Dataset entries
Definition PAR := compile 1 (ERec EZero (esub (econst 1) (EVar 1)) (EVar 0)).
Lemma PAR_sem a : pr_eval o0 PAR [a] = if Nat.even a then 0 else 1.
Proof.
  unfold PAR. rewrite compile_exact, den_rec by reflexivity. cbn [den nth].
  generalize [a] at 1. intros env.
  induction a as [|a IH]; cbn [den_iter]; [reflexivity|].
  rewrite den_sub, den_const. cbn [den nth]. rewrite IH, Nat.even_succ, <- Nat.negb_even.
  destruct (Nat.even a); reflexivity.
Qed.
Definition epar a := ECall PAR [a].

End Arithmetic.

Section Pairing.
Local Open Scope nat_scope.

Fixpoint tri w := match w with 0 => 0 | S k => tri k + S k end.

Lemma tri_double w : 2 * tri w = w * (w + 1).
Proof. induction w; simpl tri; nia. Qed.
Lemma tri_mono a b : a <= b -> tri a <= tri b.
Proof. induction 1; simpl; lia. Qed.
Lemma tri_ge w : w <= tri w.
Proof. induction w; simpl; lia. Qed.

Lemma unpair_char n : let w := fst (unpair n) + snd (unpair n) in
  tri w <= n < tri (S w) /\ snd (unpair n) = n - tri w.
Proof.
  unfold unpair. cbv zeta.
  set (s := Nat.sqrt (8 * n + 1)).
  pose proof (Nat.sqrt_spec (8 * n + 1) ltac:(lia)) as [H1 H2]. fold s in H1, H2.
  set (w := (s - 1) / 2).
  assert (Hw : 2 * w + 1 <= s <= 2 * w + 2).
  { assert (s >= 1) by nia. pose proof (Nat.div_mod (s - 1) 2 ltac:(lia)).
    pose proof (Nat.mod_upper_bound (s - 1) 2 ltac:(lia)). fold w in H0. lia. }
  assert (Ht : w * (w + 1) / 2 = tri w).
  { rewrite <- tri_double, Nat.mul_comm. apply Nat.div_mul. lia. }
  rewrite Ht. pose proof (tri_double w). pose proof (tri_double (S w)).
  assert (tri w <= n) by nia.
  assert (n < tri (S w)) by nia.
  simpl fst; simpl snd.
  replace (w - (n - tri w) + (n - tri w)) with w by (simpl tri in *; lia).
  auto.
Qed.

Definition cpair a b := tri (a + b) + b.

Lemma tri_unique w w' n : tri w <= n < tri (S w) -> tri w' <= n < tri (S w') -> w = w'.
Proof.
  intros [A B] [C D]. destruct (Nat.lt_trichotomy w w') as [H|[H|H]]; auto; exfalso.
  - assert (tri (S w) <= tri w') by (apply tri_mono; lia). lia.
  - assert (tri (S w') <= tri w) by (apply tri_mono; lia). lia.
Qed.

Lemma unpair_pair a b : unpair (cpair a b) = (a, b).
Proof.
  destruct (unpair_char (cpair a b)) as [H1 H2].
  assert (E : fst (unpair (cpair a b)) + snd (unpair (cpair a b)) = a + b).
  { apply (tri_unique _ _ (cpair a b)); auto. unfold cpair. simpl tri. lia. }
  rewrite E in H2. assert (Hb : snd (unpair (cpair a b)) = b) by (rewrite H2; unfold cpair; lia).
  destruct (unpair (cpair a b)) as [x y]. simpl in *. f_equal; lia.
Qed.

Lemma unpair_le n : fst (unpair n) <= n /\ snd (unpair n) <= n.
Proof.
  destruct (unpair_char n) as [[H1 H2] H3].
  pose proof (tri_ge (fst (unpair n) + snd (unpair n))). lia.
Qed.

Definition TRI := compile 1 (ERec EZero (eadd (EVar 1) (ESucc (EVar 0))) (EVar 0)).
Lemma TRI_sem a : pr_eval o0 TRI [a] = tri a.
Proof.
  unfold TRI. rewrite compile_exact, den_rec by reflexivity. cbn [den nth].
  generalize [a] at 1. intros env.
  induction a as [|a IH]; cbn [den_iter tri]; auto. rewrite den_add, IH. reflexivity.
Qed.
Definition etri a := ECall TRI [a].

Definition PAIR := compile 2 (eadd (etri (eadd (EVar 0) (EVar 1))) (EVar 1)).
Lemma PAIR_sem a b : pr_eval o0 PAIR [a; b] = cpair a b.
Proof.
  unfold PAIR. rewrite compile_exact, den_add by reflexivity.
  unfold etri. cbn [den map]. rewrite TRI_sem, den_add. reflexivity.
Qed.
Definition epair a b := ECall PAIR [a; b].
Lemma den_pair env a b : den env (epair a b) = cpair (den env a) (den env b).
Proof. apply PAIR_sem. Qed.

(** The diagonal of [n], counted as the number of [t < n] with [tri (t + 1) <= n]. *)
Definition DIAG := compile 1
  (ERec EZero (eadd (EVar 1) (eleq (etri (ESucc (EVar 0))) (EVar 2))) (EVar 0)).
Lemma DIAG_sem n : pr_eval o0 DIAG [n] = fst (unpair n) + snd (unpair n).
Proof.
  unfold DIAG. rewrite compile_exact, den_rec by reflexivity. cbn [den nth].
  set (w := fst (unpair n) + snd (unpair n)).
  destruct (unpair_char n) as [[H1 H2] _]. fold w in H1, H2.
  assert (Hcount : forall k, den_iter [n]
      EZero (eadd (EVar 1) (eleq (etri (ESucc (EVar 0))) (EVar 2))) k =
      sumN (fun t => if tri (S t) <=? n then 1 else 0) k).
  { induction k as [|k IH]; cbn [den_iter sumN]; auto.
    rewrite den_add, den_leq, IH. unfold etri. cbn [den map nth]. rewrite TRI_sem. reflexivity. }
  rewrite Hcount. apply sumN_threshold.
  - pose proof (tri_ge w). lia.
  - intros t. rewrite Nat.leb_le. split; intros H.
    + destruct (Nat.lt_ge_cases t w) as [|Hwt]; auto.
      assert (tri (S w) <= tri (S t)) by (apply tri_mono; lia). lia.
    + assert (tri (S t) <= tri w) by (apply tri_mono; lia). lia.
Qed.

Definition UN2 := compile 1 (esub (EVar 0) (etri (ECall DIAG [EVar 0]))).
Definition UN1 := compile 1 (esub (ECall DIAG [EVar 0]) (ECall UN2 [EVar 0])).
Lemma UN2_sem n : pr_eval o0 UN2 [n] = snd (unpair n).
Proof.
  unfold UN2. rewrite compile_exact, den_sub by reflexivity. unfold etri. cbn [den map nth].
  rewrite DIAG_sem, TRI_sem. destruct (unpair_char n) as [_ H]. symmetry. exact H.
Qed.
Lemma UN1_sem n : pr_eval o0 UN1 [n] = fst (unpair n).
Proof.
  unfold UN1. rewrite compile_exact, den_sub by reflexivity. cbn [den map nth].
  rewrite DIAG_sem, UN2_sem. lia.
Qed.
Definition eun1 a := ECall UN1 [a].
Definition eun2 a := ECall UN2 [a].
Lemma den_un1 env a : den env (eun1 a) = fst (unpair (den env a)).
Proof. apply UN1_sem. Qed.
Lemma den_un2 env a : den env (eun2 a) = snd (unpair (den env a)).
Proof. apply UN2_sem. Qed.

Definition rat_pos v := fst (unpair v).
Definition rat_neg v := fst (unpair (snd (unpair v))).
Definition rat_den v := snd (unpair (snd (unpair v))).

Fixpoint lcode (l : list nat) : nat := match l with [] => 0 | h :: t => S (cpair h (lcode t)) end.

Lemma lcode_len l : length l <= lcode l.
Proof. induction l; simpl; auto. unfold cpair at 1. lia. Qed.

Lemma ratlist_fuel : forall l fuel, length l <= fuel ->
  ratlist_of_code_fuel fuel (lcode l) = map rat_of_code l.
Proof.
  induction l; intros fuel Hf; simpl.
  - destruct fuel; reflexivity.
  - destruct fuel as [|fuel]; simpl in Hf; [lia|]. cbn [ratlist_of_code_fuel].
    rewrite unpair_pair, IHl by lia. reflexivity.
Qed.

Lemma ratlist_lcode l : ratlist_of_code (lcode l) = map rat_of_code l.
Proof. apply ratlist_fuel, lcode_len. Qed.

End Pairing.

(** ** Replacing the oracle by a scheme ("threading")

    [thread K Q p] is an oracle-free-except-for-[Q] scheme which, on an
    argument list made of [K] ordinary arguments followed by two parameters
    [a] and [b], computes [p] with the oracle [j |-> Q [j; a; b]].  The two
    parameters are carried along at positions [K] and [K + 1]; this needs
    [p] to read fewer than [K] positions everywhere ([threadable K p]). *)

Section Threading.
Local Open Scope nat_scope.

Fixpoint read_width (p : pr) : nat :=
  match p with
  | PZero => 0 | PSucc => 1 | PProj i => S i | POrc => 1
  | PComp f gs => list_max (map read_width gs)
  | PRec g h => max 1 (max (S (read_width g)) (pred (read_width h)))
  end.

Lemma in_le_list_max x l : In x l -> x <= list_max l.
Proof.
  intros H. pose proof (proj1 (list_max_le l (list_max l)) (le_n _)) as Hl.
  rewrite Forall_forall in Hl. auto.
Qed.

Lemma nth_map_lt {A B} (F : A -> B) l j d x : j < length l -> nth j (map F l) d = F (nth j l x).
Proof. intros H. rewrite nth_indep with (d' := F x) by (rewrite length_map; auto). apply map_nth. Qed.

Lemma nth_tl j (l : list nat) : nth j (tl l) 0 = nth (S j) l 0.
Proof. destruct l; simpl; auto. destruct j; auto. Qed.

Definition agree_upto K (l l' : list nat) := forall j, j < K -> nth j l 0 = nth j l' 0.

Lemma read_width_spec : forall p o l l',
  agree_upto (read_width p) l l' -> pr_eval o p l = pr_eval o p l'.
Proof.
  induction p using pr_ind_nested; intros o l l' Ha; unfold agree_upto in Ha;
    cbn [read_width] in Ha.
  - reflexivity.
  - simpl. rewrite Ha; auto.
  - simpl. apply Ha; auto.
  - rewrite !pr_eval_comp. f_equal. apply map_ext_in. intros g Hg. rewrite Forall_forall in H.
    apply H; auto. intros j Hj. apply Ha. eapply Nat.lt_le_trans; [apply Hj|].
    apply in_le_list_max, in_map. auto.
  - rewrite !pr_eval_rec, (Ha 0) by lia. generalize (nth 0 l' 0). induction n; simpl.
    + apply IHp1. intros j Hj. rewrite !nth_tl. apply Ha. lia.
    + rewrite IHn. apply IHp2. intros j Hj. destruct j as [|[|j]]; simpl; auto.
      rewrite !nth_tl. apply Ha. lia.
  - simpl. rewrite Ha; auto.
Qed.

Fixpoint threadable K (p : pr) : bool :=
  match p with
  | PZero | PSucc | POrc => true
  | PProj i => i <? K
  | PComp f gs => threadable K f && forallb (threadable K) gs
  | PRec g h => (S (read_width g) <=? K) && threadable K g && threadable K h
  end.

Fixpoint thread_width (p : pr) : nat :=
  match p with
  | PProj i => S i
  | PComp f gs => max (thread_width f) (list_max (map thread_width gs))
  | PRec g h => max (S (read_width g)) (max (thread_width g) (thread_width h))
  | _ => 0
  end.

Lemma threadable_width : forall p K, thread_width p <= K -> threadable K p = true.
Proof.
  induction p using pr_ind_nested; intros K Hn; cbn [thread_width threadable] in *; auto.
  - apply Nat.ltb_lt. lia.
  - rewrite IHp by lia. simpl. rewrite forallb_forall. intros g Hg.
    rewrite Forall_forall in H. apply H; auto.
    assert (thread_width g <= list_max (map thread_width gs)) by (apply in_le_list_max, in_map; auto).
    lia.
  - rewrite IHp1, IHp2 by lia. rewrite !andb_true_r. apply Nat.leb_le. lia.
Qed.

Variable K : nat.
Variable Q : pr.
Definition pad_schemes (ts : list pr) := map (fun j => nth j ts PZero) (seq 0 K).

Fixpoint thread (p : pr) : pr :=
  match p with
  | PZero => PZero | PSucc => PSucc | PProj i => PProj i
  | POrc => PComp Q [PProj 0; PProj K; PProj (S K)]
  | PComp f gs => PComp (thread f) (pad_schemes (map thread gs) ++ [PProj K; PProj (S K)])
  | PRec g h =>
      PRec (PComp (thread g) (map PProj (seq 0 (K - 1)) ++ [PZero; PProj (K - 1); PProj K]))
           (PComp (thread h) (map PProj (seq 0 K) ++ [PProj (S K); PProj (S (S K))]))
  end.

Lemma thread_oracle_free :
  oracle_free Q = true -> forall p, oracle_free (thread p) = true.
Proof.
  intros HQ. induction p using pr_ind_nested; cbn [thread]; auto.
  - rewrite oracle_free_comp, IHp. simpl. rewrite forallb_app. apply andb_true_intro; split.
    + unfold pad_schemes. rewrite forallb_forall. intros x Hx. apply in_map_iff in Hx as [j [<- _]].
      destruct (Nat.ltb_spec j (length gs)).
      * rewrite (nth_map_lt _ _ _ _ PZero) by auto. rewrite Forall_forall in H. apply H, nth_In; auto.
      * rewrite nth_overflow by (rewrite length_map; lia). reflexivity.
    + reflexivity.
  - rewrite oracle_free_rec, !oracle_free_comp, IHp1, IHp2. simpl. rewrite !forallb_app. simpl.
    rewrite !andb_true_r. apply andb_true_intro; split; rewrite forallb_forall; intros x Hx;
    apply in_map_iff in Hx as [j [<- _]]; reflexivity.
  - rewrite oracle_free_comp, HQ. reflexivity.
Qed.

- [Problem to work on] The expected output is the exact run of lines from the start of the entries through the line with "induction a as [|a IH]; cbn [den_iter];", inclusive.

- [Task output]
Definition PAR := compile 1 (ERec EZero (esub (econst 1) (EVar 1)) (EVar 0)).
Lemma PAR_sem a : pr_eval o0 PAR [a] = if Nat.even a then 0 else 1.
Proof.
  unfold PAR. rewrite compile_exact, den_rec by reflexivity. cbn [den nth].
  generalize [a] at 1. intros env.
  induction a as [|a IH]; cbn [den_iter]; [reflexivity|].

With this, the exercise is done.